## What this task involves:
Two lines mark the range in the entries below: the one holding "(setx ?b ?i ?v)] =>" and the one holding "[?|?]; try subst a". Set down those two and all lines between them, exactly.

*** Opening of Records supplied ***

(* Let $K$ be a simplicial complex on the vertex set $[m]$. If $K_{I\cup J}=\partial\Delta^I*\partial\Delta^J$ for some non-empty $I,J\subset[m]$ with $I\cap J=\emptyset$, then $K$ is not Golod, i.e. $\Bbbk[K]$ is not Golod for any commutative ring $\Bbbk$.
   Context: $K_S=\{\sigma\in K\mid\sigma\subset S\}$ is the full subcomplex on $S$; $\Delta^S$ is the full simplex on a finite set $S$, $\partial\Delta^S$ its boundary (all proper subsets of $S$), and $*$ is the join. The Stanley–Reisner ring is $\Bbbk[K]=\Bbbk[v_1,\ldots,v_m]/(v_I\mid I\notin K)$, $|v_i|=2$, $v_I=\prod_{i\in I}v_i$; it is Golod if all products and (higher) Massey products in the positive-degree part of $\mathrm{Tor}_{\Bbbk[v_1,\ldots,v_m]}(\Bbbk[K],\Bbbk)$ are trivial, with these operations induced from the Koszul resolution of $\Bbbk$ tensored with $\Bbbk[K]$. *)

From HB Require Import structures.
From mathcomp Require Import all_boot all_order all_algebra.
From mathcomp Require Import mpoly.
Set Implicit Arguments. Unset Strict Implicit. Unset Printing Implicit Defensive.
Import Order.TTheory GRing.Theory.
Local Open Scope ring_scope.

(* A simplicial complex on [m]: a family of subsets of [m] closed under
   taking subsets (ghost vertices allowed, as usual). *)
Definition simplicial_complex (m : nat) (K : {set {set 'I_m}}) : Prop :=
  forall s t : {set 'I_m}, t \subset s -> s \in K -> t \in K.

Definition full_sub (m : nat) (K : {set {set 'I_m}}) (S : {set 'I_m}) :
  {set {set 'I_m}} := [set s in K | s \subset S].

Definition bdry_simplex (m : nat) (S : {set 'I_m}) : {set {set 'I_m}} :=
  [set s : {set 'I_m} | s \proper S].

Definition sc_join (m : nat) (K1 K2 : {set {set 'I_m}}) : {set {set 'I_m}} :=
  [set s :|: t | s in K1, t in K2].

(* An element is a finite function J |-> p_J, meaning  sum_J u_J * p_J,
   where u_J = u_{j1} ... u_{jr} (j1 < ... < jr) and p_J is a polynomial in
   v_1..v_m.  Elements of k[K] are represented by their unique "reduced"
   representatives: polynomials all of whose monomials have support a face
   of K (the Stanley-Reisner ideal is spanned by the other monomials). *)

Section Koszul.
Variables (m : nat) (k : comNzRingType) (K : {set {set 'I_m}}).

Definition KT := {ffun {set 'I_m} -> {mpoly k[m]}}.

Definition mono_supp (mo : 'X_{1..m}) : {set 'I_m} := [set i | mo i != 0%N].

Definition red_poly (p : {mpoly k[m]}) : {mpoly k[m]} :=
  \sum_(mo <- msupp p | mono_supp mo \in K) p@_mo *: 'X_[mo].

Definition kred (x : KT) : KT := [ffun J : {set 'I_m} => red_poly (x J)].

Definition kreduced (x : KT) : Prop := kred x = x.

(* u_{J1} u_{J2} = ksgn J1 J2 * u_{J1 :|: J2} for disjoint J1, J2 *)
Definition ksgn (J1 J2 : {set 'I_m}) : k :=
  (-1) ^+ #|[set ab : 'I_m * 'I_m | [&& ab.1 \in J1, ab.2 \in J2 & (ab.2 < ab.1)%N]]|.

Definition kmul (x y : KT) : KT :=
  kred [ffun J : {set 'I_m} => \sum_(J1 : {set 'I_m}) \sum_(J2 : {set 'I_m} |
            [disjoint J1 & J2] && (J1 :|: J2 == J)) ksgn J1 J2 *: (x J1 * y J2)].

(* Koszul differential: d u_i = v_i, d v_i = 0, graded Leibniz rule *)
Definition kd (x : KT) : KT :=
  kred [ffun L : {set 'I_m} => \sum_(j : 'I_m | j \notin L)
            ((-1) ^+ #|[set i in L | (i < j)%N]|) *: ('X_j * x (j |: L))].

(* total degree: deg u_i = 1 (bidegree (-1,2)), deg v_i = 2 (bidegree (0,2)) *)
Definition khomog (n : nat) (x : KT) : Prop :=
  forall (J : {set 'I_m}) (mo : 'X_{1..m}), mo \in msupp (x J) ->
    (#|J| + 2 * mdeg mo)%N = n.

(* \bar x = (-1)^{1 + deg x} x, extended additively (parity of deg = #|J|) *)
Definition kbar (x : KT) : KT := [ffun J : {set 'I_m} => ((-1) ^+ (#|J|.+1)) *: x J].

Definition kboundary (x : KT) : Prop := exists y : KT, kreduced y /\ x = kd y.

(* Degree of the entry a_{ij} of a defining system (0-based indices). *)
Definition dsdeg (deg : nat -> nat) (i j : nat) : nat :=
  ((\sum_(i <= l < j.+1) deg l) - (j - i))%N.
Lemma period_mx_gt0 c : 0 < c -> forall i j, 0 < period_mx c i j.
Proof.
move=> c0 i j; rewrite period_mxE ?gt_eqF // mxE pmulr_rgt0 ?expR_gt0 //.
have sh : 0 < sinh (2^-1 : R) by rewrite sinh_gt0 // invr_gt0.
move: (cosh_gt0 2^-1) sh; rewrite mxE; move: (cosh _) (sinh _) => C S C0 S0.
by case: (ord2P i) => ->; case: (ord2P j) => -> /=;
  repeat (apply: addr_gt0 || apply: mulr_gt0 || apply: divr_gt0 ||
          apply: exprn_gt0 || rewrite invr_gt0).
Qed.

Lemma period_mx11 c : c != 0 ->
  period_mx c 1 1 = expR (-2) * (cosh 2^-1 ^+ 2 + 4 * c ^+ 2 * sinh 2^-1 ^+ 2).
Proof. by move=> c0; rewrite period_mxE // !mxE. Qed.

End PeriodicSystem.

Theorem mainTheorem1 (R : realType) (c : R) (hc : 0 < c)
  (hcond : cosh (2^-1) ^+ 2 + 4 * c ^+ 2 * sinh (2^-1) ^+ 2 > expR 1 ^+ 2) :
  (forall t : R,
     0 < Apw c t 0 1 /\ 0 < Apw c t 1 0 /\
     (forall a : R, eigenvalue (Apw c t) a <-> (a = - 2^-1 \/ a = - (3 / 2)))) /\
  let P := expmx (A2 c) *m expmx (A1 c) in
  (forall i j, 0 < P i j) /\
  exists mu : R,
    [/\ eigenvalue P mu, (forall a : R, eigenvalue P a -> a <= mu), 1 < mu &
     forall w : 'cV[R]_2,
       0 < w 0 0 -> 0 < w 1 0 -> P *m w = mu *: w ->
       forall xi : R -> 'cV[R]_2, is_solution c xi -> xi 0 = w ->
         (forall n : nat, (0 < n)%N -> xi (n.*2%:R) = mu ^+ n *: w) /\
         (fun n : nat => eucl2 (xi (n.*2%:R))) @ \oo --> +oo].
Proof.
have c0 : c != 0 by rewrite gt_eqF.
split.
  move=> t; have [d [d0 ->]] : exists d, 0 < d /\ Apw c t = A1 d.
    rewrite /Apw; case: ifP => _; first by exists c.
    by exists (4 * c)^-1; rewrite A2_A1 // invr_gt0 mulr_gt0.
  by rewrite !mxE /= invr_gt0 mulr_gt0 //; split=> //; split=> // a; apply: eigenvalue_A1; rewrite gt_eqF.
move=> P; have P_gt0 : forall i j, 0 < P i j := period_mx_gt0 c hc.
split=> //; exists (perron2 P).
have offdiag_ge0 : 0 <= P 0 1 * P 1 0 by rewrite mulr_ge0 // ltW.
have mu_gt1 : 1 < perron2 P.
  apply: lt_le_trans (perron2_ge_diag offdiag_ge0).
  rewrite [P 1 1]period_mx11 // -ltr_pdivrMl ?expR_gt0 // -expRN opprK.
  have -> : expR 2 = expR 1 ^+ 2 :> R by rewrite -expRM_natl mulr1.
  by rewrite mulr1.
split=> //; [exact: eigenvalue_perron2 | exact: eigenvalue_le_perron2 |].
move=> w w0 _ Pw xi sol xi0.
have xi_even n : xi n.*2%:R = perron2 P ^+ n *: w.
  elim: n => [|n IH]; first by rewrite double0 expr0 scale1r.
  by rewrite (is_solution_period c0 sol) IH -scalemxAr Pw scalerA -exprSr.
split=> [n _|]; first exact: xi_even.
apply: (ger_cvgy (f := fun n => perron2 P ^+ n * w 0 0)).
  by apply: nearW => n; rewrite xi_even (le_trans _ (eucl2_ge_entry0 _)) // mxE.
apply/cvgryPge => A; apply: filterS (cvgry_ge (exprn_cvgy _ mu_gt1) (A / w 0 0)).
by move=> n; rewrite ler_pdivrMr.
Qed.
Lemma xc_zeroB n k : xc (zeroB n) k = 0.
Proof. by rewrite /xc nth_nseq if_same. Qed.
Lemma xbc_zeroB n k : xbc (zeroB n) k = 0.
Proof. by rewrite /xbc nth_nseq if_same. Qed.
Lemma sB_zeroB n : sB (zeroB n) = 0.
Proof. by rewrite /sB !sumn_nseq. Qed.
Lemma size_zeroB_x n : size (zeroB n).1 = n. Proof. exact: size_nseq. Qed.
Lemma size_zeroB_bar n : size (zeroB n).2 = n. Proof. exact: size_nseq. Qed.

Lemma nth_le_sumn (s : seq nat) i : nth 0 s i <= sumn s.
Proof.
elim: s i => [|x s IH] [|i] //=; first exact: leq_addr.
by rewrite (leq_trans (IH i)) ?leq_addl.
Qed.

Lemma sB_setx b i v : sB (setx b i v) + xc b i = sB b + v.
Proof. by rewrite /sB /= sumn_set_nth0; have := nth_le_sumn b.1 i.-1; rewrite /xc; lia. Qed.
Lemma sB_setxb b i v : sB (setxb b i v) + xbc b i = sB b + v.
Proof. by rewrite /sB /= sumn_set_nth0; have := nth_le_sumn b.2 i.-1; rewrite /xbc; lia. Qed.

Lemma xc_le_sB b i : xc b i <= sB b.
Proof. exact: leq_trans (nth_le_sumn _ _) (leq_addr _ _). Qed.

Lemma inBP n l b : reflect [/\ size b.1 = n, size b.2 = n & sB b <= l] (inB n l b).
Proof. by apply: (iffP and3P) => -[/eqP-> /eqP-> ->]. Qed.

Definition coordE := (xc_setxb, xbc_setx, size_setx, size_setxb, size_setx_bar,
  size_setxb_x, xc_zeroB, xbc_zeroB, sB_zeroB, size_zeroB_x, size_zeroB_bar).

Ltac split_inB :=
  repeat match goal with
  | H : is_true (inB ?n _ ?b) |- _ =>
      is_var b;
      lazymatch goal with
      | _ : size b.1 = n |- _ => fail
      | _ => case/inBP: (H) => ? ? ?
      end
  end.

Ltac add_new_fact H :=
  let T := type of H in
  lazymatch goal with _ : T |- _ => fail | _ => pose proof H end.

(* Sums are tracked through [sB_setx]/[sB_setxb], whose additive form avoids
   truncated subtraction. *)
Ltac add_sB_facts :=
  repeat match goal with
  | |- context[sB (setx ?b ?i ?v)] => add_new_fact (sB_setx b i v)
  | |- context[sB (setxb ?b ?i ?v)] => add_new_fact (sB_setxb b i v)
  | _ : context[sB (setx ?b ?i ?v)] |- _ => add_new_fact (sB_setx b i v)
  | _ : context[sB (setxb ?b ?i ?v)] |- _ => add_new_fact (sB_setxb b i v)
  end.

Ltac decide_if c x y :=
  let E := fresh in
  first [ assert (E : c) by lia; rewrite (@ifT _ c x y E)
        | assert (E : c = false) by lia; rewrite (@ifF _ c x y E) ]; clear E.

Ltac case_ifs :=
  repeat match goal with
  | |- context[match ?c with true => ?x | false => ?y end] => decide_if c x y
  | |- context[if ?a == ?b then _ else _] => case: (a =P b) => [?|?]; try subst a
  | H : context[if ?a == ?b then _ else _] |- _ =>
      move: H; case: (a =P b) => [?|?] H; try subst a
  end.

*** Close of Records supplied ***

## Solution to this exercise:
  | |- context[sB (setx ?b ?i ?v)] => add_new_fact (sB_setx b i v)
  | |- context[sB (setxb ?b ?i ?v)] => add_new_fact (sB_setxb b i v)
  | _ : context[sB (setx ?b ?i ?v)] |- _ => add_new_fact (sB_setx b i v)
  | _ : context[sB (setxb ?b ?i ?v)] |- _ => add_new_fact (sB_setxb b i v)
  end.

Ltac decide_if c x y :=
  let E := fresh in
  first [ assert (E : c) by lia; rewrite (@ifT _ c x y E)
        | assert (E : c = false) by lia; rewrite (@ifF _ c x y E) ]; clear E.

Ltac case_ifs :=
  repeat match goal with
  | |- context[match ?c with true => ?x | false => ?y end] => decide_if c x y
  | |- context[if ?a == ?b then _ else _] => case: (a =P b) => [?|?]; try subst a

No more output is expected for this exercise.